[Stored records]

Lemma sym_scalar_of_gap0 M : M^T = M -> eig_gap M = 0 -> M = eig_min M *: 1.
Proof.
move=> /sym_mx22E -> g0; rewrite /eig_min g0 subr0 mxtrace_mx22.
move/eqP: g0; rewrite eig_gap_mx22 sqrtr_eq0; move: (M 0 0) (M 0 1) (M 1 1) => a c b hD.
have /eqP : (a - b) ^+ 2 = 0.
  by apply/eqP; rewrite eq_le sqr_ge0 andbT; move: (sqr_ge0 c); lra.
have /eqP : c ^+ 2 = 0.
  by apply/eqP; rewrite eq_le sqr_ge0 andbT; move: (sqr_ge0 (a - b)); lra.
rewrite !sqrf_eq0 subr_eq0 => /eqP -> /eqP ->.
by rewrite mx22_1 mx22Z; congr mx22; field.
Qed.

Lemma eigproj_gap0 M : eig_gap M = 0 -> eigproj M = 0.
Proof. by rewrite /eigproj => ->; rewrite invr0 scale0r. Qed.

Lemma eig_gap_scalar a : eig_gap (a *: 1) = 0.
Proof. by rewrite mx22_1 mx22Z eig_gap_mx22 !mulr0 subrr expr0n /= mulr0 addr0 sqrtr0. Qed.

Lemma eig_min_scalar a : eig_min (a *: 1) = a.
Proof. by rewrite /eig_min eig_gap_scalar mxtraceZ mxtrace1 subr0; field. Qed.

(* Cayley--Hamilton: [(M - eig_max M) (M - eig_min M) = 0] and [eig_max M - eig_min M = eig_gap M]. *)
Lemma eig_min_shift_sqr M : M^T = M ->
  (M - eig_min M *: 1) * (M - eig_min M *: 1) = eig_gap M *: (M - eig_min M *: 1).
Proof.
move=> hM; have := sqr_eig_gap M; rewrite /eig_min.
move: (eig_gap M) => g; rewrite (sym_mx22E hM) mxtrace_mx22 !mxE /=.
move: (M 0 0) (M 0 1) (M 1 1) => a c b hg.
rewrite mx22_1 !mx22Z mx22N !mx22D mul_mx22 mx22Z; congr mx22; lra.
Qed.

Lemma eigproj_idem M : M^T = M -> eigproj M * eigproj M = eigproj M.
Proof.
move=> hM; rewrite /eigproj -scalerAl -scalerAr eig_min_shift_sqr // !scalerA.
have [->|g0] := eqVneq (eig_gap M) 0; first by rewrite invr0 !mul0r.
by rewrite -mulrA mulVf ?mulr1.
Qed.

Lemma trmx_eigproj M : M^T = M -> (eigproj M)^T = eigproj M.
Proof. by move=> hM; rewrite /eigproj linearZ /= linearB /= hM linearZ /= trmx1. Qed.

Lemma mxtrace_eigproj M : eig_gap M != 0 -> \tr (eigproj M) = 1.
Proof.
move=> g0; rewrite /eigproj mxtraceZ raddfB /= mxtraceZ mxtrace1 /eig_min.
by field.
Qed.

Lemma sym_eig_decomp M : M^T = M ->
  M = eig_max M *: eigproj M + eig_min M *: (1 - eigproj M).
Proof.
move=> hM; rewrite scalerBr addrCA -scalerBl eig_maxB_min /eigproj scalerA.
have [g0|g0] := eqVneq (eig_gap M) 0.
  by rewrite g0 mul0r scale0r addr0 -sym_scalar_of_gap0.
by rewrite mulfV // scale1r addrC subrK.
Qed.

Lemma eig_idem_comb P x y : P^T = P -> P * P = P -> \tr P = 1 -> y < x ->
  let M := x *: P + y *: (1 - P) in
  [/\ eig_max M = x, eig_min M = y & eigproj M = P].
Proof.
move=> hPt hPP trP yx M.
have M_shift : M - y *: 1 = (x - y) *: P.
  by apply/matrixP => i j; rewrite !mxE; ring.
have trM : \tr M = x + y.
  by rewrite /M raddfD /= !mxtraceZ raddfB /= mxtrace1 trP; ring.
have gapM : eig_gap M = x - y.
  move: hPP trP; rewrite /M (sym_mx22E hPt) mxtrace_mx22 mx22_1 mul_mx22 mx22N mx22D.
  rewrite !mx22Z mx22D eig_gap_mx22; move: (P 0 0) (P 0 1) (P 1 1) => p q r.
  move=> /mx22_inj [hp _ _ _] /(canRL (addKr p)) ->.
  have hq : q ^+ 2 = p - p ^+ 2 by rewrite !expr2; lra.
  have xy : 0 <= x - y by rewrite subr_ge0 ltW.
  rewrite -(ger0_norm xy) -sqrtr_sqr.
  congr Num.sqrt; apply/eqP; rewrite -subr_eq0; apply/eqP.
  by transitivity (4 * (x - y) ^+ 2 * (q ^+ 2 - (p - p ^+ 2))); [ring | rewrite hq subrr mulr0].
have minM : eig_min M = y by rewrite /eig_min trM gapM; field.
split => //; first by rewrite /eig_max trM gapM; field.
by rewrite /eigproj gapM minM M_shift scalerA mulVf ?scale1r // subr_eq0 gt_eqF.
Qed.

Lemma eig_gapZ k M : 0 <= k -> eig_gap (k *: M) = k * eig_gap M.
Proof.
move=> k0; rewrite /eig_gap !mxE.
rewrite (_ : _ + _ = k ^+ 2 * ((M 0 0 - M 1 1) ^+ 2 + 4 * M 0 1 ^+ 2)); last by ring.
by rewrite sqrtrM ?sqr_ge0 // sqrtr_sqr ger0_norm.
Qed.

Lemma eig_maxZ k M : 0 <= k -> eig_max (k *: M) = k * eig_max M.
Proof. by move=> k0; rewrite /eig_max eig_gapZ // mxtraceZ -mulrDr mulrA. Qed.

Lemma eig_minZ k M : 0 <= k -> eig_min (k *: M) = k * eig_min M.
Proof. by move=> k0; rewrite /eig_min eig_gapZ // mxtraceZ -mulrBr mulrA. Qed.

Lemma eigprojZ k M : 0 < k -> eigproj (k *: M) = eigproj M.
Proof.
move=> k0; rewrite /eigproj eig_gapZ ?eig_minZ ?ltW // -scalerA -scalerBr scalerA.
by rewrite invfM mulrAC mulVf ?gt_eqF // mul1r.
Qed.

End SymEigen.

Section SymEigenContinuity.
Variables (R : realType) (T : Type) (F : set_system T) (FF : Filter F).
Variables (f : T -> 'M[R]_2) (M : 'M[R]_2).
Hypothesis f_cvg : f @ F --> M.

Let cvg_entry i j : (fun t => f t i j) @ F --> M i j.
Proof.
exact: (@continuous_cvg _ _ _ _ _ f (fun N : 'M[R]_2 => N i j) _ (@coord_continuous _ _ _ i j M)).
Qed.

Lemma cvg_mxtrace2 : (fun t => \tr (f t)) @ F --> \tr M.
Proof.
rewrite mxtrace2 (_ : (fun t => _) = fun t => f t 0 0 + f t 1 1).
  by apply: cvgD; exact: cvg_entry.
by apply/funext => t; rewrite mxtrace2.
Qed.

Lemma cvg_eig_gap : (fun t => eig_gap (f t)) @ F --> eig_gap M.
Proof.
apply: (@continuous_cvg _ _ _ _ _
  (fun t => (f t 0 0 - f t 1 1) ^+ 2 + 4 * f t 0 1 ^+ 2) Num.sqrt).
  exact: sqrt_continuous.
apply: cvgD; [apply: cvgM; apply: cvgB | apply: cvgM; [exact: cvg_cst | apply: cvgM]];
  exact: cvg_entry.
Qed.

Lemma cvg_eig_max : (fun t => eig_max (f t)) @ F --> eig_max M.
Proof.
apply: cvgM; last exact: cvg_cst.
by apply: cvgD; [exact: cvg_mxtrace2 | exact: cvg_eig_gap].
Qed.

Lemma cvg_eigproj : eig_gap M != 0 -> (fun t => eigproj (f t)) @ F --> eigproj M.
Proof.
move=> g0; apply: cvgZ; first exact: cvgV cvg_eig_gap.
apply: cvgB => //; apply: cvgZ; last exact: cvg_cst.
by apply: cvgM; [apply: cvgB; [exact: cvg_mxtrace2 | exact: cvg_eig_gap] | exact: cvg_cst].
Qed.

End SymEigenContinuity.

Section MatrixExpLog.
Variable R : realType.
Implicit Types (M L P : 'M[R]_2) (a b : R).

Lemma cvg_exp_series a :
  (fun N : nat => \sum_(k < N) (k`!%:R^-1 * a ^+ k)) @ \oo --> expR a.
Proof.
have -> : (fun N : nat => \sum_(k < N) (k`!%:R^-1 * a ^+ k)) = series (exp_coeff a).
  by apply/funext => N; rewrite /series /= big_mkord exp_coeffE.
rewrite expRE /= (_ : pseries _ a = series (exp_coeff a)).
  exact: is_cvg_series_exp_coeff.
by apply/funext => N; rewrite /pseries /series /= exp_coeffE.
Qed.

Work instructions: If a line above holds the string "cvgM", count it; give the final total as the only output.

Written response: 3